# Steel is 10 today!



## LJsMom (Jan 6, 2008)

Today is Steel's 10th birthday. We adopted him 2 years ago. He is the best Sibe we've had. I can't believe how well behaved he is considering he was working dog. He had an early birthday dinner last week of lobster. I made him pizza for lunch today.


----------



## Powell (Oct 13, 2006)

Pretty boy! Give him a kiss for me. 

Powell


----------



## Brightelf (Sep 5, 2001)

Ooooohhhh, Steel!!!!!!!







Happy Birthday, handsome Hunka Hunka luuuuuv!! Joanne, he looks truly gorgeous! Are both his eyes blue? What a stunning boy! 10 looks fabuluous on him! You take such great care of your fur-buddies, Joanne! Steel, we wish you the best B day ever!


----------



## TG (Dec 31, 2004)

Happy Birthday, Steel! He is so handsome and has Paul Newman eyes!


----------



## VectorSketcher (Jul 20, 2008)

Oh Happy Birthday Day Steel! He really is gorgeous!


----------



## SunCzarina (Nov 24, 2000)

Happy birthday, handsome boy.


----------



## BowWowMeow (May 7, 2007)

I







Steel.









And lobster?!?!?!? CAn I come to your house for my birthday?


----------



## Ilovealldogs (Nov 17, 2006)

I hope you get lots of goodies!!!


----------



## LJsMom (Jan 6, 2008)

Steel says thank you for all the compliments!

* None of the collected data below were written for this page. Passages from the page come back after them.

(* Let $\Gamma$ be a closed web. Then $R(\Gamma)$ is nonempty, and for every edge $e$ of $\Gamma$ and every $L\in\mathbb{C}P(2)$ there is $\rho\in R(\Gamma)$ with $\rho(e)=L$.
   Context: A web is an oriented graph embedded in $S^2$ (circle components allowed) each of whose vertices is trivalent and is a source or a sink. $R(\Gamma)$ is the set of maps $\rho$ from the edges of $\Gamma$ to $\mathbb{C}P(2)$ (complex lines in $\mathbb{C}^3$) such that the three lines at every vertex are mutually Hermitian orthogonal. *)

From HB Require Import structures.
From mathcomp Require Import all_boot all_order all_algebra all_fingroup.
From mathcomp Require Import Rstruct.
From mathcomp.real_closed Require Import complex.
Set Implicit Arguments. Unset Strict Implicit. Unset Printing Implicit Defensive.
Import Order.TTheory GRing.Theory Num.Theory.
Local Open Scope ring_scope.

Definition C : Type := (Rdefinitions.R)[i].

Definition hdot (u v : 'rV[C]_3) : C := \sum_(i < 3) u 0 i * (v 0 i)^*.

Definition CP2 := {U : {vspace 'rV[C]_3} | \dim U == 1%N}.

Definition horth (L M : CP2) : Prop :=
  forall u v : 'rV[C]_3, u \in val L -> v \in val M -> hdot u v = 0.

(** A (combinatorial) web, as an oriented combinatorial map:
    - [dart]  : half-edges, each attached to a vertex;
    - [circ]  : circle components (edges without vertices);
    - [vrot]  : rotation system: the cyclic order of half-edges around each
                vertex (vertices = orbits of [vrot]);
    - [einv]  : the involution pairing the two half-edges of an edge;
    - [out d] : true iff the edge of [d] is oriented away from the vertex of [d]. *)
Record web := Web {
  dart : finType;
  circ : finType;
  vrot : {perm dart};
  einv : {perm dart};
  out  : dart -> bool
}.
Arguments vrot : clear implicits.
Arguments einv : clear implicits.
Arguments out : clear implicits.

Section WebDefs.
Variable W : web.

Definition wadj : rel (dart W) := fun x y => (y == vrot W x) || (y == einv W x).

Definition wcomp (d : dart W) : {set dart W} := [set y | connect wadj d y].

Definition nverts (K : {set dart W}) : nat :=
  #|[set O in porbits (vrot W) | O \subset K]|.
Definition nedges (K : {set dart W}) : nat := #|K| %/ 2.
Definition nfaces (K : {set dart W}) : nat :=
  #|[set O in porbits (vrot W * einv W)%g | O \subset K]|.

(** A closed web (no boundary) embedded in S^2:
    every vertex trivalent, every half-edge paired with another (no free ends),
    orientations consistent along edges, every vertex a source or a sink,
    and every connected component is a genus-0 map (Euler: V - E + F = 2),
    i.e. the rotation system is an embedding in the sphere. *)
Definition closed_web : Prop :=
  [/\ forall d : dart W, #|porbit (vrot W) d| = 3%N,
      forall d : dart W, einv W (einv W d) = d /\ einv W d != d,
      forall d : dart W, out W (einv W d) = ~~ out W d,
      forall d : dart W, out W (vrot W d) = out W d &
      forall d : dart W,
        (nverts (wcomp d) + nfaces (wcomp d) = nedges (wcomp d) + 2)%N].

(** Edges: an edge through a half-edge [d] (the edge {d, einv d}), or a circle. *)
Definition edge := (dart W + circ W)%type.

(** A candidate map from edges to CP(2): a line for each half-edge (required
    to agree on the two halves of an edge) and one for each circle. *)
Definition coloring := ((dart W -> CP2) * (circ W -> CP2))%type.

Definition color (rho : coloring) (e : edge) : CP2 :=
  match e with inl d => rho.1 d | inr c => rho.2 c end.

Definition inR (rho : coloring) : Prop :=
  (forall d : dart W, rho.1 (einv W d) = rho.1 d) /\
  (forall d d' : dart W, d' \in porbit (vrot W) d -> d' != d ->
     horth (rho.1 d) (rho.1 d')).

End WebDefs.

From HB Require Import structures.
From mathcomp Require Import all_boot all_order all_algebra all_fingroup.
From mathcomp Require Import Rstruct.
From mathcomp.real_closed Require Import complex.
From mathcomp Require Import ring.
Set Implicit Arguments. Unset Strict Implicit. Unset Printing Implicit Defensive.
Import Order.TTheory GRing.Theory Num.Theory.

(* The three lines of a Hermitian orthonormal frame, assigned to the edges
   along a proper 3-edge-coloring, give an element of R(Gamma); choosing the
   frame through L at the color of e gives rho(e) = L.  A closed web is a
   cubic graph which is bipartite (sources versus sinks), so such a coloring
   exists by Koenig's edge-coloring theorem, proved with Kempe chains: an
   uncolored edge d, with color a missing at d and b missing at its other end,
   can be colored a after swapping a and b along the a/b-alternating path
   leaving the other end, because by bipartiteness this path cannot end at d. *)

Lemma connect_ind (T : finType) (e : rel T) (x : T) (P : T -> Prop) :
  P x -> (forall y z, connect e x y -> e y z -> P y -> P z) ->
  forall y, connect e x y -> P y.
Proof.
move=> Px Pe y /connectP[p]; elim/last_ind: p y => [|p z IHp] y /=; first by move=> _ ->.
rewrite rcons_path last_rcons => /andP[xp pz] ->.
by apply: Pe (IHp _ xp erefl); first by apply/connectP; exists p.
Qed.

Section BipartiteEdgeColoring.

Variables (T : finType) (V : eqType) (vtx : T -> V) (mate : T -> T).
Variables (side : T -> bool) (k : nat).
Hypothesis mateK : involutive mate.
Hypothesis side_mate : forall x, side (mate x) = ~~ side x.
Hypothesis side_vtx : forall x y, vtx x = vtx y -> side x = side y.
Hypothesis degree_le : forall x, #|[set y | vtx y == vtx x]| <= k.

Lemma vtx_mate_neq x : vtx (mate x) != vtx x.
Proof. by apply/eqP=> /side_vtx; rewrite side_mate; case: (side x). Qed.

Definition proper_partial (c : T -> option 'I_k) : Prop :=
  (forall x, c (mate x) = c x) /\
  (forall x y, vtx y = vtx x -> y != x -> c x != None -> c y != c x).

Definition missing (c : T -> option 'I_k) (x : T) (a : 'I_k) : Prop :=
  forall y, vtx y = vtx x -> c y != Some a.

Lemma exists_missing c x : c x = None -> exists a, missing c x a.
Proof.
move=> cx; pose A := [set y | vtx y == vtx x].
have /subsetPn[o _ o_unused] : ~~ (predT \subset c @: A).
  rewrite (contra (@subset_leq_card _ _ _)) // -ltnNge card_option card_ord ltnS.
  exact: leq_trans (leq_imset_card c A) (degree_le x).
case: o o_unused => [a|]; last by rewrite -cx imset_f ?inE.
move=> a_unused; exists a => y yx.
by apply: contraNneq a_unused => <-; rewrite imset_f ?inE ?yx.
Qed.

Section Kempe.

Variables (c : T -> option 'I_k) (d x0 : T) (a b : 'I_k).
Hypothesis c_proper : proper_partial c.
Hypothesis missing_d : missing c d a.
Hypothesis missing_mate_d : missing c (mate d) b.
Hypothesis vtx_x0 : vtx x0 = vtx (mate d).
Hypothesis c_x0 : c x0 = Some a.

Let c_mate : forall x, c (mate x) = c x := c_proper.1.
Let c_vtx : forall x y, vtx y = vtx x -> y != x -> c x != None -> c y != c x :=
  c_proper.2.

Lemma a_neq_b : a != b.
Proof. by apply: contraNneq (missing_mate_d vtx_x0) => <-; rewrite c_x0. Qed.

Definition ab_colored (z : T) : bool := (c z == Some a) || (c z == Some b).

Definition kempe_step : rel T := fun x y =>
  [&& ab_colored x, ab_colored y, vtx y == vtx (mate x) & y != mate x].

(* The darts of the a/b-alternating path that leaves the vertex of mate d
   through x0, together with their mates. *)
Definition kempe_chain (y : T) : bool :=
  connect kempe_step x0 y || connect kempe_step x0 (mate y).

Definition kempe_swap (y : T) : option 'I_k :=
  if kempe_chain y then omap (tperm a b) (c y) else c y.

Lemma ab_colored_neq_None z : ab_colored z -> c z != None.
Proof. by case/orP=> /eqP->. Qed.

Lemma ab_colored_mate z : ab_colored (mate z) = ab_colored z.
Proof. by rewrite /ab_colored c_mate. Qed.

Lemma ab_colored_other x y : ab_colored x -> ab_colored y -> c y != c x ->
  (c y == Some a) = (c x != Some a).
Proof.
have ba : b != a by rewrite eq_sym a_neq_b.
rewrite /ab_colored => /orP[]/eqP-> /orP[]/eqP->;
by rewrite ?eqxx ?(inj_eq Some_inj) ?(negbTE ba).
Qed.

Lemma ab_colored_vtx_uniq p q r : vtx q = vtx p -> vtx r = vtx p -> q != p -> r != p ->
  ab_colored p -> ab_colored q -> ab_colored r -> q = r.
Proof.
move=> qp rp nqp nrp abp abq abr.
have cq_a := ab_colored_other abp abq (c_vtx qp nqp (ab_colored_neq_None abp)).
have cr_a := ab_colored_other abp abr (c_vtx rp nrp (ab_colored_neq_None abp)).
have cqr : c q = c r.
  move: abq abr cq_a; rewrite -cr_a /ab_colored => /orP[]/eqP-> /orP[]/eqP->;
  by rewrite ?(inj_eq Some_inj) ?(eq_sym b a) ?(negbTE a_neq_b) ?eqxx.
apply/eqP; apply: contraTT (eqxx (c q)) => nqr.
by rewrite {2}cqr c_vtx // ?qp ?rp // -cqr ab_colored_neq_None.
Qed.

Lemma kempe_reach_parity y : connect kempe_step x0 y ->
  (c y == Some a) = (side y == side x0).
Proof.
elim/connect_ind => [|w z _ /and4P[abw abz /eqP zw nzw] IH]; first by rewrite c_x0 !eqxx.
rewrite -ab_colored_mate in abw.
have := c_vtx zw nzw (ab_colored_neq_None abw).
move/(ab_colored_other abw abz) => ->; rewrite c_mate IH (side_vtx zw) side_mate.
by case: (side w); case: (side x0).
Qed.

Lemma kempe_reach_ab_colored y : connect kempe_step x0 y -> ab_colored y.
Proof.
by elim/connect_ind => [|w z _ /and4P[]//]; rewrite /ab_colored c_x0 eqxx.
Qed.

Lemma kempe_chain_ab y : kempe_chain y -> ab_colored y.
Proof. by case/orP=> /kempe_reach_ab_colored; rewrite ?ab_colored_mate. Qed.

Lemma kempe_chain_mate y : kempe_chain (mate y) = kempe_chain y.
Proof. by rewrite /kempe_chain mateK orbC. Qed.

Lemma kempe_chain_vtx y z : kempe_chain y -> vtx z = vtx y -> z != y ->
  ab_colored z -> kempe_chain z.
Proof.
case/orP=> [reach_y|reach_my] zy nzy abz; last first.
  have ab_my := kempe_reach_ab_colored reach_my.
  apply/orP; left; apply: connect_trans reach_my (connect1 _).
  by rewrite /kempe_step ab_my abz mateK zy eqxx nzy.
move: z zy nzy abz; elim/connect_ind: y / reach_y.
  move=> z zx0 nzx0; rewrite /ab_colored => /orP[]/eqP cz.
    by have := c_vtx zx0 nzx0; rewrite cz c_x0 eqxx => /(_ isT).
  by have := missing_mate_d (etrans zx0 vtx_x0); rewrite cz eqxx.
move=> w y reach_w /and4P[abw aby /eqP yw nyw] _ z zy nzy abz.
have -> : z = mate w.
  apply: ab_colored_vtx_uniq zy (esym yw) nzy _ aby abz _.
    by rewrite eq_sym.
  by rewrite ab_colored_mate.
by rewrite /kempe_chain mateK reach_w orbT.
Qed.

Lemma kempe_chain_vtx_d y : vtx y = vtx d -> kempe_chain y -> c y != Some b.
Proof.
have side_x0 : side x0 = ~~ side d by rewrite (side_vtx vtx_x0) side_mate.
move=> yd /orP[reach_y|reach_my]; last first.
  (* mate y would lie on the side of x0, hence be colored a *)
  have := kempe_reach_parity reach_my; rewrite c_mate side_mate (side_vtx yd) side_x0 eqxx.
  by move/eqP->; rewrite (inj_eq Some_inj) a_neq_b.
move: yd; elim/connect_ind: y / reach_y => [|w y _ /and4P[abw aby /eqP yw nyw] _] yd.
  by rewrite c_x0 (inj_eq Some_inj) a_neq_b.
apply/eqP=> cy; rewrite -ab_colored_mate in abw.
have := ab_colored_other abw aby (c_vtx yw nyw (ab_colored_neq_None abw)).
rewrite cy (inj_eq Some_inj) eq_sym (negbTE a_neq_b) => /esym/negbFE/eqP cmw.
by have := missing_d (etrans (esym yw) yd); rewrite cmw eqxx.
Qed.

Lemma swap_ab_colored x : ab_colored x ->
  (omap (tperm a b) (c x) == Some a) || (omap (tperm a b) (c x) == Some b).
Proof. by case/orP=> /eqP->; rewrite /= ?tpermL ?tpermR eqxx ?orbT. Qed.

Lemma kempe_swap_proper : proper_partial kempe_swap.
Proof.
split=> [x|x y yx nyx]; first by rewrite /kempe_swap kempe_chain_mate c_mate.
rewrite /kempe_swap; case: ifP => chx; case: ifP => chy cx_None.
- rewrite (inj_eq (inj_omap (@perm_inj _ _))) c_vtx //.
  by case: (c x) cx_None.
- have nab_y : ~~ ab_colored y := contraFN (kempe_chain_vtx chx yx nyx) chy.
  apply: contraNneq nab_y; rewrite /ab_colored => ->.
  exact: swap_ab_colored (kempe_chain_ab chx).
- have nxy : x != y by rewrite eq_sym.
  have nab_x : ~~ ab_colored x := contraFN (kempe_chain_vtx chy (esym yx) nxy) chx.
  rewrite eq_sym; apply: contraNneq nab_x; rewrite /ab_colored => ->.
  exact: swap_ab_colored (kempe_chain_ab chy).
- exact: c_vtx.
Qed.
Lemma mulmx_trmx_eq0 n (u : 'rV[R]_n) : u *m u^T = 0 -> u = 0.
Proof.
move/matrixP/(_ 0 0); rewrite !mxE => uu0; apply/rowP => j; rewrite mxE.
have sq_ge0 l : true -> 0 <= u 0 l * u^T l 0 by rewrite mxE -expr2 sqr_ge0.
by have /eqP := psumr_eq0P sq_ge0 uu0 (i := j) isT; rewrite mxE mulf_eq0 orbb => /eqP.
Qed.

Lemma row_free_gram_unit k n (B : 'M[R]_(k, n)) : row_free B -> B *m B^T \in unitmx.
Proof.
move=> B_free; rewrite -row_free_unit -kermx_eq0; apply/rowV0P => v /sub_kermxP vG0.
have vB0 : v *m B = 0.
  by apply: mulmx_trmx_eq0; rewrite trmx_mul mulmxA -(mulmxA v) vG0 mul0mx.
by apply/eqP; rewrite -(mulmx_free_eq0 _ B_free) vB0.
Qed.

Lemma basis_proj_sub m k n (W : 'M[R]_(m, n)) (B : 'M[R]_(k, n)) :
  row_free B -> (W <= B)%MS -> W *m basis_proj B = W.
Proof.
move=> B_free /submxP[u ->]; rewrite /basis_proj !mulmxA -(mulmxA u B).
by rewrite -(mulmxA u (B *m B^T)) mulmxV ?row_free_gram_unit // mulmx1.
Qed.

Lemma basis_proj_orth m k n (W : 'M[R]_(m, n)) (B : 'M[R]_(k, n)) :
  W *m B^T = 0 -> W *m basis_proj B = 0.
Proof. by move=> WB0; rewrite /basis_proj !mulmxA WB0 !mul0mx. Qed.

Lemma basis_proj_compl_orth k n (B : 'M[R]_(k, n)) :
  row_free B -> (1%:M - basis_proj B) *m B^T = 0.
Proof.
move=> B_free; rewrite mulmxBl mul1mx /basis_proj -!mulmxA.
by rewrite mulVmx ?row_free_gram_unit // mulmx1 subrr.
Qed.

Lemma basis_proj_eqmx k1 k2 n (B1 : 'M[R]_(k1, n)) (B2 : 'M[R]_(k2, n)) :
  row_free B1 -> row_free B2 -> (B1 :=: B2)%MS -> basis_proj B1 = basis_proj B2.
Proof.
move=> B1_free B2_free /eqmxP/andP[sB12 /submxP[D B2E]].
(* The range of basis_proj B1 lies in B1 <= B2, where basis_proj B2 is the
   identity, and 1 - basis_proj B1 kills B1^T, hence B2^T = B1^T *m D^T. *)
rewrite -[basis_proj B2]mul1mx -(subrK (basis_proj B1) 1%:M) mulmxDl.
rewrite basis_proj_orth ?add0r; last first.
  by rewrite B2E trmx_mul mulmxA basis_proj_compl_orth ?mul0mx.
by rewrite basis_proj_sub // (submx_trans _ sB12) ?submxMl.
Qed.

End BasisProjection.

Lemma orth_projE (R : realType) n (W : 'M[R]_n) k (B : 'M[R]_(k, n)) :
  row_free B -> (W :=: B)%MS -> orth_proj W = basis_proj B.
Proof.
move=> B_free WB; apply: basis_proj_eqmx (row_base_free W) B_free _.
exact: eqmx_trans (eq_row_base W) WB.
Qed.

Lemma cplx_mx_stochastic (R : realType) n (P : 'M[R]_n) : row_stochastic P ->
  (forall i j, 0 <= cplx_mx P i j) /\ (forall i, \sum_j cplx_mx P i j = 1).
Proof.
case=> P_ge0 P_sum1; split=> [i j|i]; first by rewrite mxE ler0c.
by under eq_bigr do rewrite mxE; rewrite -rmorph_sum P_sum1 rmorph1.
Qed.
(* Let $f\in\mathcal{S}(\mathbb{R})$ and fix $n\in\{0,1,2,3,\dots\}$. Then $D^{n+\frac1k}f(x)\to D^n f(x)$ as $k\to\infty$, uniformly in $x\in\mathbb{R}$.
   Context: $\mathcal{S}(\mathbb{R})$ is the Schwartz space. The Fourier transform is $\hat f(p)=\frac{1}{\sqrt{2\pi}}\int_{\mathbb{R}}e^{-ipx}f(x)\,dx$. For $\alpha\ge0$, $D^\alpha f(x)=\frac{1}{\sqrt{2\pi}}\int_{\mathbb{R}}e^{ipx}(ip)^\alpha\hat f(p)\,dp$, with $i^\alpha=\cos(\alpha\pi/2)+i\sin(\alpha\pi/2)$ and $(ip)^\alpha=i^\alpha p^\alpha$ for $p\ge0$, $(ip)^\alpha=(-i)^\alpha|p|^\alpha$ for $p<0$ (principal branch). For integer $n$, $D^n f=\frac{d^n f}{dx^n}$. *)

From Stdlib Require Import Reals.
From Coquelicot Require Import Coquelicot.
Open Scope R_scope.

Definition schwartz_R (g : R -> R) : Prop :=
  (forall (m : nat) (x : R), ex_derive_n g m x) /\
  (forall a b : nat, exists M : R, forall x : R, Rabs (x ^ a * Derive_n g b x) <= M).

Definition schwartz (f : R -> C) : Prop :=
  schwartz_R (fun x => Re (f x)) /\ schwartz_R (fun x => Im (f x)).

Definition cexpi (t : R) : C := (cos t, sin t).

Definition int_R (h : R -> C) : C :=
  @RInt_gen C_R_CompleteNormedModule h (Rbar_locally m_infty) (Rbar_locally p_infty).

Definition fourier (f : R -> C) (p : R) : C :=
  Cmult (RtoC (/ sqrt (2 * PI))) (int_R (fun x => Cmult (cexpi (- (p * x))) (f x))).
Lemma orth_upto_pair_descent k (A B : {poly K}) :
  A != 0 -> (size A <= k.+1)%N -> orth_upto A k.+1 ->
  B != 0 -> (size B <= k.+2)%N -> orth_upto B k.+2 ->
  exists R : {poly K}, [/\ R != 0, (size R <= k)%N & orth_upto R k].
Proof.
move=> A_neq0 leAk oA B_neq0 leBk oB.
have sA : size A = k.+1 by apply/eqP; rewrite eqn_leq leAk orth_upto_size.
have sB : size B = k.+2 by apply/eqP; rewrite eqn_leq leBk orth_upto_size.
have AX_neq0 : momf (A * 'X^(k.+1)) != 0.
  apply/eqP => AX0; have := orth_upto_size A_neq0 (orth_uptoS oA AX0).
  by rewrite sA ltnn.
exists (B %% A); split; first exact: (modp_orth_upto_neq0 sA oA oB sB AX_neq0).
- by have := ltn_modp B A; rewrite A_neq0 sA ltnS.
- exact: (orth_upto_modp sA oA oB leBk).
Qed.

Lemma no_orth_upto_pair k (A B : {poly K}) :
  A != 0 -> (size A <= k.+1)%N -> orth_upto A k.+1 ->
  B != 0 -> (size B <= k.+2)%N -> orth_upto B k.+2 -> False.
Proof.
elim: k A B => [|k IHk] A B A_neq0 sA oA B_neq0 sB oB.
all: have [R [R_neq0 sR oR]] := orth_upto_pair_descent A_neq0 sA oA B_neq0 sB oB.
- by move: sR; rewrite leqn0 size_poly_eq0 (negPf R_neq0).
- exact: IHk R_neq0 sR oR A_neq0 sA oA.
Qed.

Lemma det_hankel_consecutive k :
  \det (hankel_mx k) = 0 -> \det (hankel_mx k.+1) = 0 -> False.
Proof.
move=> /det_hankel_eq0[A [A_neq0 sA oA]] /det_hankel_eq0[B [B_neq0 sB oB]].
exact: no_orth_upto_pair A_neq0 sA oA B_neq0 sB oB.
Qed.

End MomentRecurrence.

End MomentFunctional.

Local Open Scope classical_set_scope.

Section TrigonometricMoments.
Context (R : realType).
Notation mu := (@lebesgue_measure R).

Lemma is_derive_continuous (f df : R -> R) :
  (forall x : R, is_derive x 1 f (df x)) -> continuous f.
Proof.
by move=> f' x; apply/differentiable_continuous/derivable1_diffP; have [] := f' x.
Qed.

Lemma Rintegral_is_derive (a b : R) (F f : R -> R) : a < b ->
  (forall x : R, is_derive x 1 F (f x)) -> continuous f ->
  \int[mu]_(x in `[a, b]) f x = F b - F a.
Proof.
move=> ab F' cf; have cF := is_derive_continuous F'.
rewrite /Rintegral (@continuous_FTC2 _ f F _ _ ab) /=.
- by [].
- exact: continuous_subspaceT.
- split; first by move=> x _; have [] := F' x.
  + exact/cvg_at_right_filter/cF.
  + exact/cvg_at_left_filter/cF.
- by move=> x _; rewrite derive1E; have [] := F' x.
Qed.

Lemma continuous_Rintegrable (a b : R) (f : R -> R) :
  continuous f -> mu.-integrable `[a, b] (EFin \o f).
Proof.
move=> cf; apply: continuous_compact_integrable; first exact: segment_compact.
exact: continuous_subspaceT.
Qed.

Lemma Rintegral_is_derive_lincomb (a b c d : R) (F f g : R -> R) : a < b ->
  continuous f -> continuous g -> (forall x : R, is_derive x 1 F (c * f x + d * g x)) ->
  c * \int[mu]_(x in `[a, b]) f x + d * \int[mu]_(x in `[a, b]) g x = F b - F a.
Proof.
move=> ab cf cg F'.
have cZ e (h : R -> R) : continuous h -> continuous (fun x => e * h x).
  by move=> ch x; apply: cvgM; [exact: cvg_cst | exact: ch].
rewrite -(Rintegral_is_derive ab F'); last by move=> x; apply: cvgD; apply: cZ.
by rewrite RintegralD ?RintegralZl //; apply: continuous_Rintegrable => //; apply: cZ.
Qed.

Variable w : R.

Lemma is_derive_mulr (x : R) : is_derive x 1 (fun y : R => w * y) w.
Proof.
apply: DeriveDef; first exact: derivableM.
by rewrite deriveMl ?derive_id ?mulr1.
Qed.

Lemma is_derive_exprn k (x : R) : is_derive x 1 (fun y : R => y ^+ k) (k%:R * x ^+ k.-1).
Proof.
apply: DeriveDef; first exact: exprn_derivable.
by rewrite exp_derive scaler1.
Qed.

Definition powcos k (x : R) := x ^+ k * cos (w * x).
Definition powsin k (x : R) := x ^+ k * sin (w * x).

Lemma is_derive_powcos k (x : R) :
  is_derive x 1 (powcos k) (k%:R * powcos k.-1 x + - w * powsin k x).
Proof.
have dcos := is_derive1_comp (is_derive_cos (w * x)) (is_derive_mulr x).
apply: is_derive_eq (is_deriveM (is_derive_exprn k x) dcos) _.
by rewrite /powcos /powsin /GRing.scale /=; ring.
Qed.

Lemma is_derive_powsin k (x : R) :
  is_derive x 1 (powsin k) (k%:R * powsin k.-1 x + w * powcos k x).
Proof.
have dsin := is_derive1_comp (is_derive_sin (w * x)) (is_derive_mulr x).
apply: is_derive_eq (is_deriveM (is_derive_exprn k x) dsin) _.
by rewrite /powcos /powsin /GRing.scale /=; ring.
Qed.

Lemma moment_rec k :
  Complex 0 w * moment k w + k%:R * moment k.-1 w =
  Complex (cos w) (sin w) - (-1) ^+ k * Complex (cos w) (- sin w).
Proof.
have lt_N11 : -1 < 1 :> R by rewrite gtrN.
have cC j := is_derive_continuous (is_derive_powcos j).
have cS j := is_derive_continuous (is_derive_powsin j).
have Crec := Rintegral_is_derive_lincomb lt_N11 (cC k.-1) (cS k) (is_derive_powcos k).
have Srec := Rintegral_is_derive_lincomb lt_N11 (cS k.-1) (cC k) (is_derive_powsin k).
move: Crec Srec; rewrite /powcos /powsin mulrN1 cosN sinN expr1n !mul1r mulr1.
rewrite -(rmorph_nat (real_complex R)) -(signr_odd R[i] k) -(signr_odd R k).
case: (odd k); rewrite ?expr0 ?expr1 => Crec Srec.
all: by apply/eqP; rewrite eq_complex /=; apply/andP; split; apply/eqP; lra.
Qed.

End TrigonometricMoments.

Theorem proposition4 (R : realType) :
  ~ (exists (n : nat) (w : R),
       (1 <= n)%N /\ 0 < w /\ hankel_det n.-1 w = 0 /\ hankel_det n w = 0).
Proof.
move=> [n [w [n_gt0 [w_gt0 [h_pred h]]]]].
have z_neq0 : Complex 0 w != 0 by rewrite eq_complex /= eqxx gt_eqF.
have EE' : Complex (cos w) (sin w) * Complex (cos w) (- sin w) = 1.
  apply/eqP; rewrite eq_complex /=; apply/andP; split; apply/eqP; last by ring.
  by rewrite -(cos2Dsin2 w); ring.
have [E_neq0 E'_neq0] : Complex (cos w) (sin w) != 0 /\ Complex (cos w) (- sin w) != 0.
  by split; apply/eqP => E0; move: EE'; rewrite E0 (mul0r, mulr0) => /eqP; rewrite eq_sym oner_eq0.
apply: (det_hankel_consecutive (moment_rec w) z_neq0 E_neq0 E'_neq0 h_pred).
by rewrite prednK.
Qed.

Patti, yes two beautiful blue eyes.

He got the best birthday gift tonight. I got an email from his original mom! She sent pictures too. I cried because I know she still loves him and it must have been really hard to let him go.


----------



## DancingCavy (Feb 19, 2001)

What a handsome hunk of a Husky. Happy 10th, Steel!


----------



## LisaT (Feb 7, 2005)

Happy Belated Birthday Steel (sorry that I keep spelling your name with an extra *e* too!)


----------



## LJsMom (Jan 6, 2008)

Steel says his Auntie Lisa can put as many "e"s in his name as she wants!


----------



## natalie559 (Feb 4, 2005)




----------



## LisaT (Feb 7, 2005)

For Steeeeeleeee


----------